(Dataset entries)
>>>

(* In $\mathrm U_q(\mathfrak{gl}_3)[[\zeta]]$ one has $$1-C^{(1)}\zeta-C^{(2)}\zeta^2-C^{(3)}\zeta^3=N'_{11}(q^2\zeta)\,N''_{22}(\zeta)\,N'''_{33}(q^{-2}\zeta).$$
   Context: Setting: $\hbar\in\mathbb C$, $q=e^\hbar$, $q^2\neq1$, $\kappa_q=q-q^{-1}$, $[\nu]_q=(q^\nu-q^{-\nu})/\kappa_q$. Let $\mathfrak g=\mathbb CG_1\oplus\mathbb CG_2\oplus\mathbb CG_3$ and define linear forms $\alpha_1,\alpha_2$ on $\mathfrak g$ by $\alpha_1(G_1)=1,\alpha_1(G_2)=-1,\alpha_1(G_3)=0$, $\alpha_2(G_1)=0,\alpha_2(G_2)=1,\alpha_2(G_3)=-1$; put $H_1=G_1-G_2$, $H_2=G_2-G_3$. $\mathrm U_q(\mathfrak{gl}_3)$ is the unital associative $\mathbb C$-algebra generated by $E_1,E_2,F_1,F_2$ and symbols $q^X$, $X\in\mathfrak g$, with relations $q^0=1$, $q^{X_1}q^{X_2}=q^{X_1+X_2}$, $q^XE_iq^{-X}=q^{\alpha_i(X)}E_i$, $q^XF_iq^{-X}=q^{-\alpha_i(X)}F_i$, $[E_i,F_j]=\delta_{ij}(q^{H_i}-q^{-H_i})/\kappa_q$, and for $i\ne j$ the $q$-Serre relations $E_i^2E_j-[2]_qE_iE_jE_i+E_jE_i^2=0$, $F_i^2F_j-[2]_qF_iF_jF_i+F_jF_i^2=0$. For $\nu\in\mathbb C$ one writes $q^{X+\nu}=q^\nu q^X$. Further $E_3=E_1E_2-q^{-1}E_2E_1$, $F_3=F_2F_1-qF_1F_2$. Central elements: $C^{(1)}=q^{-2G_1-2}+q^{-2G_2}+q^{-2G_3+2}+\kappa_q^2F_1E_1q^{-G_1-G_2-1}+\kappa_q^2F_2E_2q^{-G_2-G_3+1}+\kappa_q^2F_3E_3q^{-G_1-G_3+1}-\kappa_q^3F_3E_1E_2q^{-G_1-G_3}$, $C^{(2)}=-q^{-2G_1-2G_2-2}-q^{-2G_1-2G_3}-q^{-2G_2-2G_3+2}-\kappa_q^2F_1E_1q^{-G_1-G_2-2G_3+1}-\kappa_q^2F_2E_2q^{-2G_1-G_2-G_3-1}-\kappa_q^2F_3E_3q^{-G_1-2G_2-G_3+1}-\kappa_q^3F_1F_2E_3q^{-G_1-2G_2-G_3+1}$, $C^{(3)}=q^{-2(G_1+G_2+G_3)}$. Matrix entries: in $\mathrm U_q(\mathfrak{gl}_3)[[\zeta]]$ ($\zeta$ a formal variable; series with constant term $1$ are invertible) let $N'_{11}(\zeta)=1-\zeta q^{-2G_1}$, $N'_{22}(\zeta)=1-\zeta q^{-2G_2}$, $N'_{33}(\zeta)=1-\zeta q^{-2G_3}$, $N'_{12}=\kappa_q qF_1q^{-G_1-G_2}$, $N'_{23}=\kappa_q qF_2q^{-G_2-G_3}$, $N'_{13}=\kappa_q qF_3q^{-G_1-G_3}$, $N'_{21}=\kappa_qE_1$, $N'_{32}=\kappa_qE_2$, $N'_{31}=\kappa_qE_3$; and $N''_{22}(\zeta)=N'_{22}(\zeta)-\zeta N'_{21}N'_{11}(\zeta)^{-1}N'_{12}$, $N''_{23}(\zeta)=N'_{23}-N'_{21}N'_{11}(\zeta)^{-1}N'_{13}$, $N''_{32}(\zeta)=N'_{32}-\zeta N'_{31}N'_{11}(\zeta)^{-1}N'_{12}$, $N''_{33}(\zeta)=N'_{33}(\zeta)-\zeta N'_{31}N'_{11}(\zeta)^{-1}N'_{13}$, $N'''_{33}(\zeta)=N''_{33}(\zeta)-\zeta N''_{32}(\zeta)N''_{22}(\zeta)^{-1}N''_{23}(\zeta)$. For $c\in\mathbb C$, $N(c\zeta)$ denotes substitution $\zeta\mapsto c\zeta$. *)

From HB Require Import structures.
From mathcomp Require Import all_boot all_order all_algebra.
Set Implicit Arguments. Unset Strict Implicit. Unset Printing Implicit Defensive.
Import Order.TTheory GRing.Theory Num.Theory.
Local Open Scope ring_scope.

Definition series (A : Type) := nat -> A.

Section Series.
Variable (K : fieldType) (A : algType K).

Definition pC (a : A) : series A := fun n => if n is 0%N then a else 0.
Definition pX (a : A) : series A := fun n => if n is 1%N then a else 0.
Definition pzeta : series A := pX 1.
Definition padd (f g : series A) : series A := fun n => f n + g n.
Definition psub (f g : series A) : series A := fun n => f n - g n.
Definition pmul (f g : series A) : series A :=
  fun n => \sum_(i < n.+1) f i * g (n - i)%N.
Definition ppow (f : series A) (k : nat) : series A := iter k (pmul f) (pC 1).
(* inverse of a series with constant term 1 (Neumann series):
   f^{-1} = sum_k (1 - f)^k, well defined since 1 - f has no constant term *)
Definition pinv (f : series A) : series A :=
  fun n => \sum_(k < n.+1) ppow (psub (pC 1) f) k n.
Definition psubst (c : K) (f : series A) : series A := fun n => c ^+ n *: f n.
End Series.
Arguments pzeta {K A}.

(* Tq x1 x2 x3 stands for the symbol q^X with X = x1 G1 + x2 G2 + x3 G3.
   qp nu stands for the scalar q^nu = e^(hbar nu). *)
Record UqGens (K : fieldType) (A : algType K) := {
  E1 : A; E2 : A; F1 : A; F2 : A; Tq : K -> K -> K -> A }.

<<<

--- TASK DESCRIPTION ---
Pull every line containing "pzeta" from the data.

--- EXERCISE ANSWER ---
Definition pzeta : series A := pX 1.
Arguments pzeta {K A}.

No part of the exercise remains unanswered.